=== Begin Enclosure ===
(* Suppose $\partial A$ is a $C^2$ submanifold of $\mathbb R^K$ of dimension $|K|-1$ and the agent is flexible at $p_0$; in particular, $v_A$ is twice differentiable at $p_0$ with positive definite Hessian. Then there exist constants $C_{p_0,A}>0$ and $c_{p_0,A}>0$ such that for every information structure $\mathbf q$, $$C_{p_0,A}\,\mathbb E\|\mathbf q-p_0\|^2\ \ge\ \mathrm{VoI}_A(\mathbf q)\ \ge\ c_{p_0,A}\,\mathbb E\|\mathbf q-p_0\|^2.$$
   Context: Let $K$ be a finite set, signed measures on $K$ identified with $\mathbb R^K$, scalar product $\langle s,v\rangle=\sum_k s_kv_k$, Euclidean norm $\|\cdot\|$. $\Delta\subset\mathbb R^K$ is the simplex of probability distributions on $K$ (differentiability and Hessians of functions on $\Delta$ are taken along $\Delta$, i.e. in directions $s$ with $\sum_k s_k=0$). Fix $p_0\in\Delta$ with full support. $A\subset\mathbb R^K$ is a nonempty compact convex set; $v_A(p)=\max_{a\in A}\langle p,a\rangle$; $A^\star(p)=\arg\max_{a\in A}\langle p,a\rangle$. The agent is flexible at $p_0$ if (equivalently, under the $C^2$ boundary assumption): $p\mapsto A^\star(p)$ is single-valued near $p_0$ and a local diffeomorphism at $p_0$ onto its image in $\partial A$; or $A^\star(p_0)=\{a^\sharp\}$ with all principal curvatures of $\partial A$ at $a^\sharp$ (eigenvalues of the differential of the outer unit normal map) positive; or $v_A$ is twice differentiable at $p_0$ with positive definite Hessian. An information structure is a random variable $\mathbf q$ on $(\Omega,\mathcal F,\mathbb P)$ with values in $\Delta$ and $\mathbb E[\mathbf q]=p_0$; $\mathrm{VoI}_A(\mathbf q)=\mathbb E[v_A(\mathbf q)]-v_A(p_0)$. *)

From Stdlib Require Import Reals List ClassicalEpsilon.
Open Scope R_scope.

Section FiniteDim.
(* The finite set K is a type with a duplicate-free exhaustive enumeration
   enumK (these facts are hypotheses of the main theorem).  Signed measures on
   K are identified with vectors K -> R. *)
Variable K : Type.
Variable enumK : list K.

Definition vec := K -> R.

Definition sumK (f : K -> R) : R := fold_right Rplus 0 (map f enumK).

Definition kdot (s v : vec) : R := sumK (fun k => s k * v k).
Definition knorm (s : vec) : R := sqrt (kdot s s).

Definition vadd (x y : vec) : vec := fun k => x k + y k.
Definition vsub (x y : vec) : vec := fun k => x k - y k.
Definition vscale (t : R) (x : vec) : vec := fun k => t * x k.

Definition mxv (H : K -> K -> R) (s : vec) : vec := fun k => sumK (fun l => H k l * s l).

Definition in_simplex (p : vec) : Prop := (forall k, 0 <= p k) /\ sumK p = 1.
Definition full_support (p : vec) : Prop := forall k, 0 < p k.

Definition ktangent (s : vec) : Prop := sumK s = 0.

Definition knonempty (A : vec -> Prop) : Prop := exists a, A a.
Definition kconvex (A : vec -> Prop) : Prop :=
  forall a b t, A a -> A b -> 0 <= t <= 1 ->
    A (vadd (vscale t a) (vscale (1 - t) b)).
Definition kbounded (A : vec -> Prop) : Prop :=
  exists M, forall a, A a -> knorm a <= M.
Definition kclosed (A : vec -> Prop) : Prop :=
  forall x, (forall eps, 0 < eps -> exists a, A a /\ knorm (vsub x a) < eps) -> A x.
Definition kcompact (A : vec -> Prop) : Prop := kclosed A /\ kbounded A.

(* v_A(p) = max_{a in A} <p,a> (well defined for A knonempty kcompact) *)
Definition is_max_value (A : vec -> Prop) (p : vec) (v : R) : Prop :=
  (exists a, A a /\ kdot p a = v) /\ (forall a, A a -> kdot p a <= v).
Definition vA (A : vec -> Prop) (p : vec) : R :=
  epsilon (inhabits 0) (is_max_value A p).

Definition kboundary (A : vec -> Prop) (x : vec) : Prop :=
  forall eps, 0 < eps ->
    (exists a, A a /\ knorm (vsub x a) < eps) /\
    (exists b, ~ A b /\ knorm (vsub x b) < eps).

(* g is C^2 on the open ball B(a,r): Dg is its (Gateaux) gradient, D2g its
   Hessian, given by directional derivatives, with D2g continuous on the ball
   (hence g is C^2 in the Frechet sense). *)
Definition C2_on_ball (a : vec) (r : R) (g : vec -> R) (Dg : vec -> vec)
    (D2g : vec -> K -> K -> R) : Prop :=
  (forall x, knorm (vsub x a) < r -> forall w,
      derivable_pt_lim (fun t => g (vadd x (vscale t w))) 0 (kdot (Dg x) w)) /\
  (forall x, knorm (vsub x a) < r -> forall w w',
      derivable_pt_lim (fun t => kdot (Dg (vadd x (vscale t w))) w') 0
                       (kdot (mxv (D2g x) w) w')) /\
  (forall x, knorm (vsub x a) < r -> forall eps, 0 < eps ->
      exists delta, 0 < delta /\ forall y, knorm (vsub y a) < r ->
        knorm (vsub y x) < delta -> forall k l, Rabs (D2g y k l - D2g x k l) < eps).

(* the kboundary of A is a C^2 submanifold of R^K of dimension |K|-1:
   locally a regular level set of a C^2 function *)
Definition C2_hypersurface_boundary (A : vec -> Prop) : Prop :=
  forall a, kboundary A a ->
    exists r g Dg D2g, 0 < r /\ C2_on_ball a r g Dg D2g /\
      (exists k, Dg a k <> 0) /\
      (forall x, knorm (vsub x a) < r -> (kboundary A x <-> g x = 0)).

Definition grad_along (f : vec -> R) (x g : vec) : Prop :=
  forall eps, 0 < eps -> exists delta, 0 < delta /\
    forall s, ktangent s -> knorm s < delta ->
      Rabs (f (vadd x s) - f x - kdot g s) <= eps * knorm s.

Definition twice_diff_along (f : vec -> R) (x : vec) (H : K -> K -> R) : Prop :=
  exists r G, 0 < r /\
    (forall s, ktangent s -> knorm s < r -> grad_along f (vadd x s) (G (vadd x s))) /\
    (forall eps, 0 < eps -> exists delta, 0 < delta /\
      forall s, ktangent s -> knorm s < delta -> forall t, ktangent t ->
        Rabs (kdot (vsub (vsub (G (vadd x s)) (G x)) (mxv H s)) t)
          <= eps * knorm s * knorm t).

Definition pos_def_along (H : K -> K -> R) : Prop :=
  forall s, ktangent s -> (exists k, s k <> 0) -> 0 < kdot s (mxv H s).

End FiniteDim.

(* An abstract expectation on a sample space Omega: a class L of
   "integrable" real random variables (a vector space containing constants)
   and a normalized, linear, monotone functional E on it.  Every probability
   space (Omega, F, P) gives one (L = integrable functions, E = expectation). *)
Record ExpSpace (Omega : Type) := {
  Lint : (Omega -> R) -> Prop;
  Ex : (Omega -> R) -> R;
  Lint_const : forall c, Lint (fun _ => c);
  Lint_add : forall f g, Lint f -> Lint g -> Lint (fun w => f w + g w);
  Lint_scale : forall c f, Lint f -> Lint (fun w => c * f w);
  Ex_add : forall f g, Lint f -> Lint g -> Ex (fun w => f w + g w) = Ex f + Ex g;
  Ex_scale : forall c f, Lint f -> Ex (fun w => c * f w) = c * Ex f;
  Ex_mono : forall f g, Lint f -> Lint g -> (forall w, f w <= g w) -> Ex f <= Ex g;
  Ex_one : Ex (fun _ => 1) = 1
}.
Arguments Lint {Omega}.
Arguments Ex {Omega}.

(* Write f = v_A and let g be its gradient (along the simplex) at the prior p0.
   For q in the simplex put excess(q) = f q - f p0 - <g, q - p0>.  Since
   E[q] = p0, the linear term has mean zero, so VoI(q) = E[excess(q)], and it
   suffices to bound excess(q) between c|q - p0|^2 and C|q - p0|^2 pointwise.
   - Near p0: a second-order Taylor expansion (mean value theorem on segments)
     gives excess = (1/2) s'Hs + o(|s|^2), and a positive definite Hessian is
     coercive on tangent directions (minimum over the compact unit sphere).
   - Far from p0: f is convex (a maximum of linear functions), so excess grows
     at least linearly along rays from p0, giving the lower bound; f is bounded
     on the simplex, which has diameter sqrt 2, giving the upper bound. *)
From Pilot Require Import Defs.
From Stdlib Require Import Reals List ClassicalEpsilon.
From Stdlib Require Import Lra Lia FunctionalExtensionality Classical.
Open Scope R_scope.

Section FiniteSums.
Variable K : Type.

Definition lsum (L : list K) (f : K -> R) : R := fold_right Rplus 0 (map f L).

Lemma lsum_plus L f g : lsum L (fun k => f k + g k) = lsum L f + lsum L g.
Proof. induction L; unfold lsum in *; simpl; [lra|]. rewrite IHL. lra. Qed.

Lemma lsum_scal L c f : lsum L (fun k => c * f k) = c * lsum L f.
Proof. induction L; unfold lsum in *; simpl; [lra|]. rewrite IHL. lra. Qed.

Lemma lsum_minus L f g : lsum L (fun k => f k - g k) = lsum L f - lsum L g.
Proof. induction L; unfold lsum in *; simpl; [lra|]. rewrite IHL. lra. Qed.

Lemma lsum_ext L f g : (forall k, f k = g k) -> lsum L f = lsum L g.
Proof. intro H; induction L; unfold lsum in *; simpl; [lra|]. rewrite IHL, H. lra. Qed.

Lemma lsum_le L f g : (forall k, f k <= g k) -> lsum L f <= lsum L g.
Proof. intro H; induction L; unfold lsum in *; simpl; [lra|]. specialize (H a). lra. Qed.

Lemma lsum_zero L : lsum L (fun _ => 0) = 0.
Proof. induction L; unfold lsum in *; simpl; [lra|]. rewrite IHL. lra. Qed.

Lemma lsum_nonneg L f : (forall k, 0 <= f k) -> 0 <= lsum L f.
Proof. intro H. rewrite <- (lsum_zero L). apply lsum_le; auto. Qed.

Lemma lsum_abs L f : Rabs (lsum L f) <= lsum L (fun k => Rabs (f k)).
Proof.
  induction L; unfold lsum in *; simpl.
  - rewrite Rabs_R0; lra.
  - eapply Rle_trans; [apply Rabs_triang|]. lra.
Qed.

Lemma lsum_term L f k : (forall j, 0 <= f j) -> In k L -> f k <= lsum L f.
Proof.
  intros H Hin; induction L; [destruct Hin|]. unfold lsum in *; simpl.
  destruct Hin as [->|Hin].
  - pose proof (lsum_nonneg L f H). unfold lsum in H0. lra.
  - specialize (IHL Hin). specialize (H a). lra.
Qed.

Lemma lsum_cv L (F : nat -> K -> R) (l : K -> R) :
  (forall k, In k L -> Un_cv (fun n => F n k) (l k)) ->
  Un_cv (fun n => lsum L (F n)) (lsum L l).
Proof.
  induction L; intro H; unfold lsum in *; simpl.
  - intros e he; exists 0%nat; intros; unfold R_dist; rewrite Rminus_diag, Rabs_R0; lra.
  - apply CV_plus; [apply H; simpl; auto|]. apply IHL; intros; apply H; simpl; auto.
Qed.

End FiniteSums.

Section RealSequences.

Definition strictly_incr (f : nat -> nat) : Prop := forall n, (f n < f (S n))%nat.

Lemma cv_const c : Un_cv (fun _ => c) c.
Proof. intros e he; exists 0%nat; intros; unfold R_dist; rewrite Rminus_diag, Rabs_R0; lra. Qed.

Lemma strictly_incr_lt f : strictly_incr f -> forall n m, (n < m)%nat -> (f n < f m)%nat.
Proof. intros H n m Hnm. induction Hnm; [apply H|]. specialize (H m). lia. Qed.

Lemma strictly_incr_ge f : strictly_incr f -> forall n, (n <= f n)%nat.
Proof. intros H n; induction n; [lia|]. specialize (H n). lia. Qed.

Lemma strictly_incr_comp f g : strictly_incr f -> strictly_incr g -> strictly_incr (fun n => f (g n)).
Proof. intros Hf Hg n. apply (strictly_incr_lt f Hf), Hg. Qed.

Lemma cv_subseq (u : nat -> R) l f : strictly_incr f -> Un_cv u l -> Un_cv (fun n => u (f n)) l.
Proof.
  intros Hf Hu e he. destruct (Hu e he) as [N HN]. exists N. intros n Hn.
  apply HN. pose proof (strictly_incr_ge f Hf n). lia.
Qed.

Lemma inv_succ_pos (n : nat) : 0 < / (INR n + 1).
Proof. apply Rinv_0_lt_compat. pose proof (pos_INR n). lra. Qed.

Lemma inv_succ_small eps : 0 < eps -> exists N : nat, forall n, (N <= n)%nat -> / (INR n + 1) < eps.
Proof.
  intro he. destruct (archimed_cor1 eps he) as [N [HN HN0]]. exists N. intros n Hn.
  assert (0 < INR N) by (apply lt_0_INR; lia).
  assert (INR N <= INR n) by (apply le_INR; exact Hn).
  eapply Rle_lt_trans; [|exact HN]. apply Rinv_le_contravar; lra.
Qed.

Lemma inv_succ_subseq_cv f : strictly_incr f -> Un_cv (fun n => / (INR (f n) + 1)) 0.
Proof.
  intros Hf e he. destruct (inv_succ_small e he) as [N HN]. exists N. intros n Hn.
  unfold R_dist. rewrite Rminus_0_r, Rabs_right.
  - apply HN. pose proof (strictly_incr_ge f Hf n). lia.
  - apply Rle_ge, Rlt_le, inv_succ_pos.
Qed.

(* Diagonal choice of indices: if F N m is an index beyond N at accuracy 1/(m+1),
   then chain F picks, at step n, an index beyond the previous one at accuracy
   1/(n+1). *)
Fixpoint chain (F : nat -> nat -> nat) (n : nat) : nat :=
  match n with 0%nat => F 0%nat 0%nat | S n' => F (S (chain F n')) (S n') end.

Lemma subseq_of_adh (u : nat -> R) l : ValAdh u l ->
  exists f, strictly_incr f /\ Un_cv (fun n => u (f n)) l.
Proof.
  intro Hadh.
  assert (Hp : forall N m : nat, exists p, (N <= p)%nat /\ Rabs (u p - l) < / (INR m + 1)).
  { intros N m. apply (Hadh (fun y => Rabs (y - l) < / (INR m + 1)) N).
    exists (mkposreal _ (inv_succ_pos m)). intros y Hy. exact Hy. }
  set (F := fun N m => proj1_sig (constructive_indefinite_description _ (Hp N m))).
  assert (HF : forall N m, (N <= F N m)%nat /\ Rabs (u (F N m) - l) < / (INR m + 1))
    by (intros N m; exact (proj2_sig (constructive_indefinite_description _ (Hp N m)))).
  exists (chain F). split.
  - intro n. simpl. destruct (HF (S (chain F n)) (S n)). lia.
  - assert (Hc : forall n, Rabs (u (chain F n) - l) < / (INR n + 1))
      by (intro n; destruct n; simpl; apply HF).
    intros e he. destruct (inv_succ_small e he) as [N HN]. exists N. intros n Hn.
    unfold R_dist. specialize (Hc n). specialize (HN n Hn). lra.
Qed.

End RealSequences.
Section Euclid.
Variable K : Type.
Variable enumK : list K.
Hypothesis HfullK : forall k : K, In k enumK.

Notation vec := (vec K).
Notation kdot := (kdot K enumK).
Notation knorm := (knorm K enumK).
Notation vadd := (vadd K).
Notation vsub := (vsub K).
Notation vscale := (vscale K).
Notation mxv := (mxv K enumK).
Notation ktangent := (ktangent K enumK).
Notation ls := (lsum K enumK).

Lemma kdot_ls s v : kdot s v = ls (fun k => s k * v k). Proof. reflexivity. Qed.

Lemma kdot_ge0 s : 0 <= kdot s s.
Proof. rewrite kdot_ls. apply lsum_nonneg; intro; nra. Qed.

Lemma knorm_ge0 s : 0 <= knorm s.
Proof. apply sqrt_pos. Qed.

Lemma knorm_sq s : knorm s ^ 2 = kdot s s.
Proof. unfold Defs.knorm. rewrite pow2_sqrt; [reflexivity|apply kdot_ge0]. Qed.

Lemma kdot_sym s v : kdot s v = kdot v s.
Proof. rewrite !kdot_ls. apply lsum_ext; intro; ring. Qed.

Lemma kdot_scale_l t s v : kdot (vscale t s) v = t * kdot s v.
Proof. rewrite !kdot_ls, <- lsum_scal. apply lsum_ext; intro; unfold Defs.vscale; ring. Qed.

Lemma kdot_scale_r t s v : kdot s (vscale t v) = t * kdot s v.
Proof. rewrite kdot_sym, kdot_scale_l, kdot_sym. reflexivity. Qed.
=== End Enclosure ===
The problem: Begin with the line that has "Definition knorm (s" in the listing above and end after the line that has "exists M, forall a, A a -> knorm a <= M."; output those lines exactly.

Answer box:
Definition knorm (s : vec) : R := sqrt (kdot s s).

Definition vadd (x y : vec) : vec := fun k => x k + y k.
Definition vsub (x y : vec) : vec := fun k => x k - y k.
Definition vscale (t : R) (x : vec) : vec := fun k => t * x k.

Definition mxv (H : K -> K -> R) (s : vec) : vec := fun k => sumK (fun l => H k l * s l).

Definition in_simplex (p : vec) : Prop := (forall k, 0 <= p k) /\ sumK p = 1.
Definition full_support (p : vec) : Prop := forall k, 0 < p k.

Definition ktangent (s : vec) : Prop := sumK s = 0.

Definition knonempty (A : vec -> Prop) : Prop := exists a, A a.
Definition kconvex (A : vec -> Prop) : Prop :=
  forall a b t, A a -> A b -> 0 <= t <= 1 ->
    A (vadd (vscale t a) (vscale (1 - t) b)).
Definition kbounded (A : vec -> Prop) : Prop :=
  exists M, forall a, A a -> knorm a <= M.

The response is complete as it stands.